Here I have the recipe for you guys, as we had many different wine recipes like plum wine, peer wine, and many more. Apart from this my next go will be the Corn wine and I do have the recipe for this-

2 lbs cracked corn
1 lb chopped golden raisins
3 lbs granulated sugar
4 tsp acid blend
1 tsp yeast nutrient
1/2 tsp tannin
water to one gallon
1 crushed Campden tablet
Champagne or Sherry wine yeast

Rinse the corn well, Put chopped raisins and corn in a bowl and cover with enough water to cover the corn. Soak overnight. The next day, pour corn and raisins in a fine nylon straining bag, tie the bag closed, and put in primary.

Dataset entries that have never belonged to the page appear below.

Lemma t_pos (j : nat) : 0 < t j.
Proof. apply Rmult_lt_0_compat; [apply Hpos | apply pow_lt, x_pos]. Qed.

Lemma t_succ (j : nat) : t (S j) = t j * r j.
Proof.
  unfold t, r. rewrite P_succ_ratio. pose proof (Hpos j). pose proof (Hpos (S j)).
  simpl. field. lra.
Qed.

Lemma r_succ (j : nat) : r j = r (S j) * q (S (S j)).
Proof.
  unfold r. rewrite (prod_from2_succ _ (S j)) by lia.
  pose proof (P_ge1 (S j)). pose proof (q_ge3 (S (S j)) ltac:(lia)). field. lra.
Qed.

Lemma r_nonneg (j : nat) : 0 <= r j.
Proof.
  unfold r. pose proof x_pos. pose proof (P_ge1 (S j)).
  apply Rle_mult_inv_pos; lra.
Qed.

Lemma r_mul (j : nat) : r j * P (S j) = x.
Proof. unfold r. pose proof (P_ge1 (S j)). field. lra. Qed.

Lemma r_ge1 (j : nat) : (j < k)%nat -> 1 <= r j.
Proof.
  intros Hj. pose proof (P_ge1 (S j)). pose proof (P_mono (S j) k Hj).
  pose proof (P_ge1 k). pose proof s_ge1.
  apply (Rmult_le_reg_r (P (S j))); [lra |]. rewrite r_mul. unfold x. nra.
Qed.

Lemma r_le1 (j : nat) : (k <= j)%nat -> r j <= 1.
Proof.
  intros Hj. pose proof (P_ge1 (S j)). pose proof (P_mono (S k) (S j) ltac:(lia)).
  pose proof (P_ge1 k). pose proof s_ge1. pose proof s_sq.
  rewrite (prod_from2_succ _ k) in * by (unfold k; lia).
  apply (Rmult_le_reg_r (P (S j))); [lra |]. rewrite r_mul. unfold x. nra.
Qed.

Pour the soaking water into primary, put remaining water on to boil with sugar in it. Stir well as water heats up until sugar is dissolved and water comes to a boil. Pour water into primary. Add the acid blend, yeast nutrient and tannin. Cover primary with a sheet of plastic held in place with a large rubber band or loop of elastic. When cooled to room temperature, add crushed Campden tablet, recover, and set aside for 24 hours. 

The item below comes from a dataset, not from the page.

(* Let $\lambda>0$ and let $\mathbf r_\lambda=(\mathbf r_{1\lambda},\dots,\mathbf r_{N\lambda})\in\mathfrak R$ be any point at which $f+\lambda g$ attains its minimum over $\mathfrak R$. Write $\mathbf r_{i\lambda}=(x_{i\lambda},y_{i\lambda})=|\mathbf r_{i\lambda}|(\cos\varphi_{i\lambda},\sin\varphi_{i\lambda})$, put $\omega=\sqrt{2\lambda}$, and define for $t\ge 0$ $$\mathbf r_{i\lambda}(t)=|\mathbf r_{i\lambda}|\big(\cos(\varphi_{i\lambda}+\omega t),\ \sin(\varphi_{i\lambda}+\omega t)\big),\qquad i=1,\dots,N .$$ Then $\mathbf r_\lambda(t)=(\mathbf r_{1\lambda}(t),\dots,\mathbf r_{N\lambda}(t))$, $t\ge0$, is a solution of the equations of motion $m_i\ddot{\mathbf r}_i=\mathbf F_i(\mathbf r)$, $i=1,\dots,N$, with initial conditions $\mathbf r_i(0)=\mathbf r_{i\lambda}$, $\dot{\mathbf r}_i(0)=(-\omega y_{i\lambda},\ \omega x_{i\lambda})$, $i=1,\dots,N$.
   Context: Fix $N\ge 2$, masses $m_1,\dots,m_N>0$ and a constant $\gamma>0$. The planar configuration space is $\mathfrak R=\{\mathbf r=(\mathbf r_1,\dots,\mathbf r_N)\in(\mathbb R^2)^N:\ \mathbf r_i\neq\mathbf r_j \text{ for } i\neq j\}$. Define $f(\mathbf r)=\sum_{i<j}\frac{\gamma m_im_j}{|\mathbf r_j-\mathbf r_i|}$ and $g(\mathbf r)=\sum_i m_i|\mathbf r_i|^2$ on $\mathfrak R$. The force on particle $i$ is $\mathbf F_i(\mathbf r)=\sum_{j\ne i}\frac{\gamma m_im_j(\mathbf r_j-\mathbf r_i)}{|\mathbf r_j-\mathbf r_i|^3}$. For every $\lambda>0$ the function $f+\lambda g$ attains its minimum on $\mathfrak R$. *)

From Stdlib Require Import Reals Lra Arith.
From Coquelicot Require Import Coquelicot.
Open Scope R_scope.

Stir daily for two weeks. Remove bag of corn/raisins and allow to drip drain (do not squeeze). Discard corn/raisins, recover primary and allow liquor to settle overnight. Corn wine is ready!! now it needs proper care to get mature.


----------



## Tom (Nov 15, 2010)

Have you made this before? If so, what does it taste like


----------



## corntassel (Nov 15, 2010)

I have always used fresh sweet corn when in season and no raisons. Your recipt looks fine though. This wine needs to be no more than 12% abv. It also needs to age for no less than 1 year it gets better with age. I have some that is 3 years old and is verry good. One thing I have found is that before you serve it decanter it for about 30 minutes so it can breathe. This for some reason brings out the flavor. I don't know why but it has worked on every bottel I have I have drank.


----------



## Duster (Nov 15, 2010)

Every time I hear the mention of corn wine I can"t help but to think of ever clear, AWow, that brings back some memories, or should I say the lack of . 
Any more I can not even think of handling the stuff. Hopefully my predetermined thoughts of corn wine are wrong.


----------



## fowlmood77 (Nov 15, 2010)

I made some earlier this year with fresh corn, but it doesn't seem to be doing so well. It smells funky and doesn't want to even start clearing. It is white and the sediment it throwed at last racking was black. Hope yours goes better.


----------



## Minnesotamaker (Nov 16, 2010)

Just for clarification, since this forum is frequented by all peoples of the world, "CORN" means different things in different countries. 

If you're talking about this stuff:




, then I call it MAIZE, which is more specific globally for this crop.

I guess this holds true for whoever wrote that recipe as well; what did they really mean?
See: Wiki on Corn

I've made maize wine before using the recipe in "First Steps In Home Winemaking". While different, it actually turned out quite nice for being a strong wine. 

Here's a pic:


----------



## Savana123 (Nov 16, 2010)

Tom said:


> Have you made this before? If so, what does it taste like



Well, its taste depend on for how long it will be kept like for Dry wine rack in three weeks, and every three months for one year and for Sweet wine, rack it three weeks and then adding 1/2 cup corn syrup dissolved in 1 cup wine. Stir gently, and place back into secondary fermentor. Repeat process every six weeks until fermentation does not restart with the addition of syrup. Rack every three months until one year old. Bottle. I mean this whole is done to get both the tastes.


----------